2007-10-15

It Doesn't Take Much

Just the publication that a hangman's noose was the inciting incident in Jena, LA was enough to spawn a cycle of copycats - most recently on the door of a Columbia University professor. The allegories here are almost too rich to even begin mining - where does one start? With the "liberal" university named for the progenitor of the African Slave Trade - that profitable font called "Triangle Trade" that turned a mere outpost of European entrepreneurs into the heartbeat of the most powerful capitalistic engine the world has ever known?

One could write books on the above, but I want to bring the focus back to Jena: hanging that noose from those trees was an act of terrorism - perhaps the most basic form of terrorism this country has ever practiced. White people did not invent lynching - perhaps - but they surely perfected it as a means of controlling a people.

When any member of your family - from the smallest child to the oldest grandfather - is subject to abduction and murder at the hands of the mighty in your community (meaning they can kill with impunity and indeed notoriety) the message could not be more clear: your life is so close to being devoid of meaning as to be not worth analyzing the difference.

What should one do in response to terror? The president says the most basic rights of a nation allow it to act pre-emptively to even prevent an act of terror from occurring. Does it not follow, then that as the rights of nations are derived from the rights of man that man has this same right as well? If you know your family is under a threat of terror, do you not have the right to act to prevent that terror from happening? Or must you forever live in the shadow of the hangman's noose?

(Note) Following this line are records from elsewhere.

(* Let $T:V\to V$ be a right-linear closed operator with two-sided linear domain, and let $q(s)=\sum_{j=0}^mb_js^j\not\equiv0$ be a polynomial with real coefficients $b_j$. If $q$ has no zeros in $\sigma_S(T)$, then the operator $q[T]:=\sum_{j=0}^mb_jT^j$, with domain $\operatorname{dom}(T^m)$, is a bijection from $\operatorname{dom}(T^m)$ onto $V$.
   Context: $\mathbb{H}$ denotes the quaternions, $V$ a two-sided Banach space over $\mathbb{H}$, $\mathcal{I}$ the identity. For a right-linear closed operator $T$ on $V$ and $s=s_0+s_1e_1+s_2e_2+s_3e_3\in\mathbb{H}$ with $|s|^2=s_0^2+s_1^2+s_2^2+s_3^2$, let $Q_s(T):=T^2-2s_0T+|s|^2\mathcal{I}$ with domain $\operatorname{dom}(T^2)$. The $S$-resolvent set is $\rho_S(T)=\{s\in\mathbb{H}: Q_s(T):\operatorname{dom}(T^2)\to V\text{ is bijective}\}$ and the $S$-spectrum is $\sigma_S(T)=\mathbb{H}\setminus\rho_S(T)$. *)

From HB Require Import structures.
From mathcomp Require Import all_boot all_order all_algebra.
From mathcomp Require Import all_classical all_reals all_analysis.
Set Implicit Arguments. Unset Strict Implicit. Unset Printing Implicit Defensive.
Import Order.TTheory GRing.Theory Num.Theory.
Import numFieldNormedType.Exports.
Local Open Scope classical_set_scope.
Local Open Scope ring_scope.

Record quat (R : Type) := Quat { q0 : R; q1 : R; q2 : R; q3 : R }.

Section Quat.
Variable R : realType.

Definition qreal (r : R) : quat R := Quat r 0 0 0.
Definition qzero : quat R := qreal 0.
Definition qone : quat R := qreal 1.

Definition qadd (a b : quat R) : quat R :=
  Quat (q0 a + q0 b) (q1 a + q1 b) (q2 a + q2 b) (q3 a + q3 b).

(* Hamilton product, e1 e2 = e3, e2 e3 = e1, e3 e1 = e2, e_i^2 = -1 *)
Definition qmul (a b : quat R) : quat R :=
  Quat (q0 a * q0 b - q1 a * q1 b - q2 a * q2 b - q3 a * q3 b)
       (q0 a * q1 b + q1 a * q0 b + q2 a * q3 b - q3 a * q2 b)
       (q0 a * q2 b - q1 a * q3 b + q2 a * q0 b + q3 a * q1 b)
       (q0 a * q3 b + q1 a * q2 b - q2 a * q1 b + q3 a * q0 b).

Definition qnorm2 (s : quat R) : R := q0 s ^+ 2 + q1 s ^+ 2 + q2 s ^+ 2 + q3 s ^+ 2.
Definition qnorm (s : quat R) : R := Num.sqrt (qnorm2 s).

Definition qpow (s : quat R) (n : nat) : quat R := iter n (qmul s) qone.

Definition qeval (p : {poly R}) (s : quat R) : quat R :=
  foldr qadd qzero [seq qmul (qreal p`_j) (qpow s j) | j <- iota 0 (size p)].
End Quat.

Section TwoSided.
Variables (R : realType) (V : completeNormedModType R).
Variables (lm : quat R -> V -> V) (rm : V -> quat R -> V).

Record two_sided_banach : Prop := {
  lm_addl : forall a b v, lm (qadd a b) v = lm a v + lm b v;
  lm_addr : forall a u v, lm a (u + v) = lm a u + lm a v;
  rm_addl : forall a u v, rm (u + v) a = rm u a + rm v a;
  rm_addr : forall a b v, rm v (qadd a b) = rm v a + rm v b;
  lm_assoc : forall a b v, lm (qmul a b) v = lm a (lm b v);
  rm_assoc : forall a b v, rm v (qmul a b) = rm (rm v a) b;
  lm_rm_comm : forall a b v, rm (lm a v) b = lm a (rm v b);
  lm_real : forall (r : R) v, lm (qreal r) v = r *: v;
  rm_real : forall (r : R) v, rm v (qreal r) = r *: v;
  lm_norm : forall a v, `|lm a v| = qnorm a * `|v|;
  rm_norm : forall a v, `|rm v a| = qnorm a * `|v|
}.

Definition two_sided_subspace (D : set V) : Prop :=
  D 0 /\ (forall u v, D u -> D v -> D (u + v)) /\
  (forall a u, D u -> D (lm a u)) /\ (forall a u, D u -> D (rm u a)).

Definition right_linear (D : set V) (T : V -> V) : Prop :=
  (forall u v, D u -> D v -> T (u + v) = T u + T v) /\
  (forall a u, D u -> T (rm u a) = rm (T u) a).
End TwoSided.

Section Ops.
Variables (R : realType) (V : completeNormedModType R).

Definition closed_op (D : set V) (T : V -> V) : Prop :=
  forall (u : nat -> V) (x y : V), (forall n, D (u n)) ->
    u n @[n --> \oo] --> x -> T (u n) @[n --> \oo] --> y -> D x /\ T x = y.

Fixpoint dom_pow (D : set V) (T : V -> V) (n : nat) : set V :=
  match n with
  | 0 => setT
  | n'.+1 => [set v | D v /\ dom_pow D T n' (T v)]
  end.

Definition bij_onto (A : set V) (f : V -> V) : Prop :=
  (forall u v, A u -> A v -> f u = f v -> u = v) /\
  (forall w, exists2 u, A u & f u = w).

Definition Qs (T : V -> V) (s : quat R) (v : V) : V :=
  T (T v) - (2 * q0 s) *: T v + qnorm2 s *: v.

Definition S_resolvent (D : set V) (T : V -> V) : set (quat R) :=
  [set s | bij_onto (dom_pow D T 2) (Qs T s)].

Definition S_spectrum (D : set V) (T : V -> V) : set (quat R) :=
  ~` S_resolvent D T.

Definition poly_op (p : {poly R}) (T : V -> V) (v : V) : V :=
  \sum_(j < size p) p`_j *: iter j T v.
End Ops.

(* A nonzero real polynomial q splits over R into a constant and factors f of
   two kinds, each attached to a complex root z of q: f = X - r with
   f^2 = Q_s, or f = Q_s irreducible, where s = Re z + (Im z) e1 and
   Q_s = X^2 - 2 s0 X + |s|^2 is the real polynomial with Q_s[T] = Q_s(T).
   As q(s) is the image of q(z) = 0 under the slice embedding C -> H, s is
   not in the S-spectrum, so Q_s[T] : dom(T^2) -> V is bijective.  Now v lies
   in dom(T^(deg f + deg g)) iff v is in dom(T^(deg g)) and g[T] v is in
   dom(T^(deg f)), and there (fg)[T] = f[T] g[T]; hence bijectivity passes to
   products, and, by additivity of f[T], from f[T]^2 back to f[T]. *)
From mathcomp Require Import all_boot all_order all_algebra.
From mathcomp Require Import all_classical all_reals all_analysis.
From mathcomp Require Import complex ring lra zify.
Set Implicit Arguments. Unset Strict Implicit. Unset Printing Implicit Defensive.
Import Order.TTheory GRing.Theory Num.Theory.
Import numFieldNormedType.Exports.
Local Open Scope classical_set_scope.
Local Open Scope ring_scope.

Lemma predn_size_mul (R : idomainType) (p r : {poly R}) : p != 0 -> r != 0 ->
  (size (p * r)).-1 = ((size p).-1 + (size r).-1)%N.
Proof.
move=> p_neq0 r_neq0; rewrite size_mul //.
by move: p_neq0 r_neq0; rewrite -!size_poly_gt0; lia.
Qed.

Lemma size_ltn_mulr (R : idomainType) (h f : {poly R}) :
  h != 0 -> (1 < size f)%N -> (size h < size (h * f)%R)%N.
Proof.
move=> h_neq0 lt_1_f; have f_neq0 : f != 0 by rewrite -size_poly_gt0 ltnW.
by rewrite size_mul //; move: h_neq0; rewrite -size_poly_gt0; lia.
Qed.

Section ComplexSlice.
Variable R : realType.
Local Notation C := (complex R).
Local Open Scope complex_scope.
Local Notation toC := (real_complex R).

Definition quat_of_complex (z : C) : quat R := Quat (complex.Re z) (complex.Im z) 0 0.
Local Notation qc := quat_of_complex.

Lemma qmul_complex (z w : C) : qmul (qc z) (qc w) = qc (z * w).
Proof. by case: z w => a b [c d]; congr Quat => /=; ring. Qed.

Lemma qreal_complex (r : R) : qreal r = qc r%:C.
Proof. by []. Qed.

Lemma qpow_complex z j : qpow (qc z) j = qc (z ^+ j).
Proof. by elim: j => [|j IHj]; rewrite ?expr0 // exprS -qmul_complex -IHj. Qed.

Lemma foldr_qadd_complex (I : Type) (s : seq I) (F : I -> C) :
  foldr (@qadd R) (qzero R) [seq qc (F i) | i <- s] = qc (\sum_(i <- s) F i).
Proof.
elim: s => [|i s IHs]; rewrite ?big_nil ?big_cons //= IHs.
by case: (F i) => a b; case: (\sum_(j <- s) F j) => c d; congr Quat => /=; ring.
Qed.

How can we - as Afrikans - ask our oppressors to act to protect us? How can we ask them to police our communities and yet not act in the manner in which they have always acted? How can we ask the former members of lynch mobs to stand in judgment of our children? Is not the protection of our families our responsibility? How can we take a "trust me" promise from politicians and then outsource that responsibility to the very group that has been the source of the threat for generations?

Generations.

Racism is not some temporary condition or some momentary ill; it is a generational war against Afrikans waged by our oppressors. And until we start to act like we are in a war with those who seek nothing less than our sheer genocidal destruction (please - do not ask me how I know; ask the first Cherokee you meet) we will forever live with the threat of the hangman's noose.